垂拱殿。
    赵禎整个人都窝进了宽大的龙椅里,手里没拿奏章,而是两根手指捏著一份油墨未乾的《大宋早报》。
    这位官家看得那叫一个津津有味,视线在“辽国第一深情”那个加粗黑体標题上停了足足三息。
    嘖,这標题,够味儿!比宫里那些说书先生会整活多了!
    “陛下!陛下要为老臣做主啊!”
    殿下,张士廉整个人趴在冰冷的金砖上,像只被抽了脊樑的癩皮狗。虽然换了身崭新的官袍,但那种被烂菜叶醃入味的餿臭,就像已经醃进了他的灵魂里。
    “江临竖子!私印妖言,煽动愚民!他这是把大宋的斯文扫地,把朝廷的脸面当鞋垫踩啊!”
    张士廉哭得梨花带雨,花白的头髮隨著抽泣一颤一颤。
    赵禎放下报纸,目光懒洋洋地扫过群臣。
    有意思了。
    往日里为了一个错別字都能喷半个时辰唾沫星子的御史台,今天跟集体失声了似的,一个个眼观鼻、鼻观心,就差把“別瞅我”三个字刻脸上了。
    没人接话。谁都知道,这节骨眼上,谁沾上张士廉谁倒霉。连翰林学士欧阳修今早都称病没来,摆明了是不想看见这丟人现眼的玩意儿。
    “王爱卿,”赵禎点了名,目光落在班列前排,“你是参知政事,又是真定王氏的家主。北方士林多出自你门下,这事儿,你怎么看?”
    真定王氏,家主王槐。
    这老头子虽然不写诗词,但他手里握著大宋北方世族的晋升阶梯。如果说欧阳修是文坛的“面子”,那王槐就是士大夫集团的“里子”。
    张士廉猛地抬头,眼里全是求生的渴望。在这种大是大非面前,王老肯定会护短!
    只要把这事定性为“有辱斯文”,江临就死定了!
    王槐缓缓出列。
    他不急不缓,每一步都踩得极稳。路过张士廉身边时,眼皮都没抬一下,直接把他当成了空气。

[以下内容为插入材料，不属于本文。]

Lemma expect_walshM S T :
  expect (fun x => walsh R S x * walsh R T x) = (S == T)%:R.
Proof.
pose F i b := (if i \in S then bit_sign b else 1) * (if i \in T then bit_sign b else 1).
have -> : (fun x => walsh R S x * walsh R T x) = fun x : cube n => \prod_i F i (x i).
  by apply: funext => x; rewrite /walsh !(big_mkcond (fun i => i \in _)) -big_split.
rewrite /expect -(bigA_distr_bigA F) /=.
have [eST|neST] := eqVneq S T.
  have F1 i b : F i b = 1 by rewrite /F eST; case: ifP; rewrite ?bit_signK ?mulr1.
  under eq_bigr do under eq_bigr do rewrite F1.
  rewrite prodr_const card_ord sumr_const card_bool -natrX.
  by rewrite divff // gt_eqF // cube_size_gt0.
have [i STi] : exists i, (i \in S) != (i \in T).
  apply/existsP; apply: contraR neST => /existsPn ST.
  by apply/eqP/setP => i; apply/eqP/negbNE.
rewrite (bigD1 i) //= big_bool /F /bit_sign.
by move: STi; case: (i \in S); case: (i \in T); rewrite //= ?mulr1 ?mul1r addNr !mul0r.
Qed.

Lemma sum_walshM (x y : cube n) :
  \sum_S walsh R S x * walsh R S y = (x == y)%:R * 2 ^+ n.
Proof.
rewrite (eq_bigr (fun S => \prod_i (if i \in S then chi R x i * chi R y i else 1)));
  last by move=> S _; rewrite /walsh -big_split big_mkcond.
rewrite -(bigA_distr 1 +%R (fun i => chi R x i * chi R y i) (fun=> 1)) /=.
have [<-|nxy] := eqVneq x y.
  under eq_bigr do rewrite [chi _ _ _ * _]bit_signK.
  by rewrite prodr_const card_ord mul1r.
have [i xyi] : exists i, x i != y i.
  apply/existsP; apply: contraR nxy => /existsPn xy.
  by apply/eqP/ffunP => i; apply/eqP/negbNE.
rewrite (bigD1 i) //= mul0r /chi.
by move: xyi; case: (x i); case: (y i); rewrite //= ?mulN1r ?mulr1 ?mul1r ?addNr ?mul0r.
Qed.

Lemma fourier_inversion f y : f y = \sum_S fourier f S * walsh R S y.
Proof.
rewrite /fourier; under eq_bigr do rewrite mulrC -expectZ.
rewrite -expect_sum (eq_expect (g := fun x => f x * ((x == y)%:R * 2 ^+ n))); last first.
  move=> x; rewrite -sum_walshM mulr_sumr; apply: eq_bigr => S _.
  by rewrite mulrCA [walsh R S y * _]mulrC.
rewrite /expect (bigD1 y) //= big1 => [|x /negbTE ->]; last by rewrite mul0r mulr0.
by rewrite eqxx mul1r addr0 mulfK // gt_eqF // cube_size_gt0.
Qed.

Lemma fourierD f g S : fourier (fun x => f x + g x) S = fourier f S + fourier g S.
Proof. by rewrite /fourier -expectD; apply: eq_expect => x; rewrite mulrDl. Qed.

Lemma fourierZ (a : R) f S : fourier (fun x => a * f x) S = a * fourier f S.
Proof. by rewrite /fourier -expectZ; apply: eq_expect => x; rewrite mulrA. Qed.

Lemma tail_space_subspace : subspace (@tail_space R k n).
Proof.
split => [S _|c u v tu tv S kS]; last by rewrite fourierD fourierZ tu ?tv ?mulr0 ?addr0.
by rewrite /fourier (eq_expect (g := fun _ => 0)) ?expect_cst // => x; rewrite mul0r.
Qed.

Lemma tail_space_walsh S : (k < #|S|)%N -> tail_space k (walsh R S).
Proof.
move=> kS T kT; rewrite /fourier expect_walshM.
by case: eqP => // ST; move: kS; rewrite ST ltnNge kT.
Qed.

Lemma degree_le_cst1 : degree_le k (fun _ : cube n => 1 : R).
Proof.
move=> S kS; rewrite /fourier.
rewrite (eq_expect (g := fun x => walsh R S x * walsh R finset.set0 x)).
  by rewrite expect_walshM; case: eqP => // S0; rewrite S0 cards0 in kS.
by move=> x; rewrite /walsh big_set0 mul1r mulr1.
Qed.

Lemma expect_degree_tailM f t : degree_le k f -> tail_space k t ->
  expect (fun x => f x * t x) = 0.
Proof.
move=> df tt.
rewrite (eq_expect (g := fun x => \sum_S fourier f S * (walsh R S x * t x))); last first.
  move=> x; rewrite {1}fourier_inversion mulr_suml.
  by apply: eq_bigr => S _; rewrite mulrA.
rewrite expect_sum big1 // => S _; rewrite expectZ.
have [kS|kS] := leqP #|S| k; last by rewrite df // mul0r.
have := tt S kS; rewrite /fourier => tS.
rewrite (eq_expect (f := fun x => walsh R S x * t x) (g := fun x => t x * walsh R S x)).
  by rewrite tS mulr0.
by move=> x; rewrite mulrC.
Qed.

End Fourier.

Section Exponents.
Variable R : realType.
Implicit Types a b r : R.

Lemma powRV a b : 0 <= a -> powR a^-1 b = (powR a b)^-1.
Proof. by move=> a_ge0; rewrite -powR_inv1 // -powRrM mulN1r powRN. Qed.

Lemma subr1_mul_conjugate a b : 0 < a -> 0 < b -> a^-1 + b^-1 = 1 -> (a - 1) * b = a.
Proof.
move=> a_gt0 b_gt0 ab; have : a + b = a * b * (a^-1 + b^-1) by field; rewrite !gt_eqF.
by rewrite ab mulr1 mulrBl mul1r => <-; rewrite addrK.
Qed.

    “陛下。”王槐声音苍老,却中气十足,“老臣以为,斯文確实扫地了。”
    张士廉心中狂喜,腰杆子瞬间挺直。
    然而,王槐下一句话,直接把他的腰杆子连带脊梁骨敲得粉碎。
    “但扫地者,非江临,乃张士廉。”
    “?!”
    张士廉脸上的表情瞬间崩坏,错愕、茫然、恐惧像打翻的调色盘,扭曲得有些滑稽。
    “王……王公?”
    王槐从袖子里抽出一本早就写好的奏摺,双手呈上:“欧阳永叔曾言,文章千古事,得失寸心知。”
    “张士廉身为礼部尚书,文斗输了是技不如人。输了还要拿『饿殍』、『乱世』这种话来要挟后辈,此乃大失德。”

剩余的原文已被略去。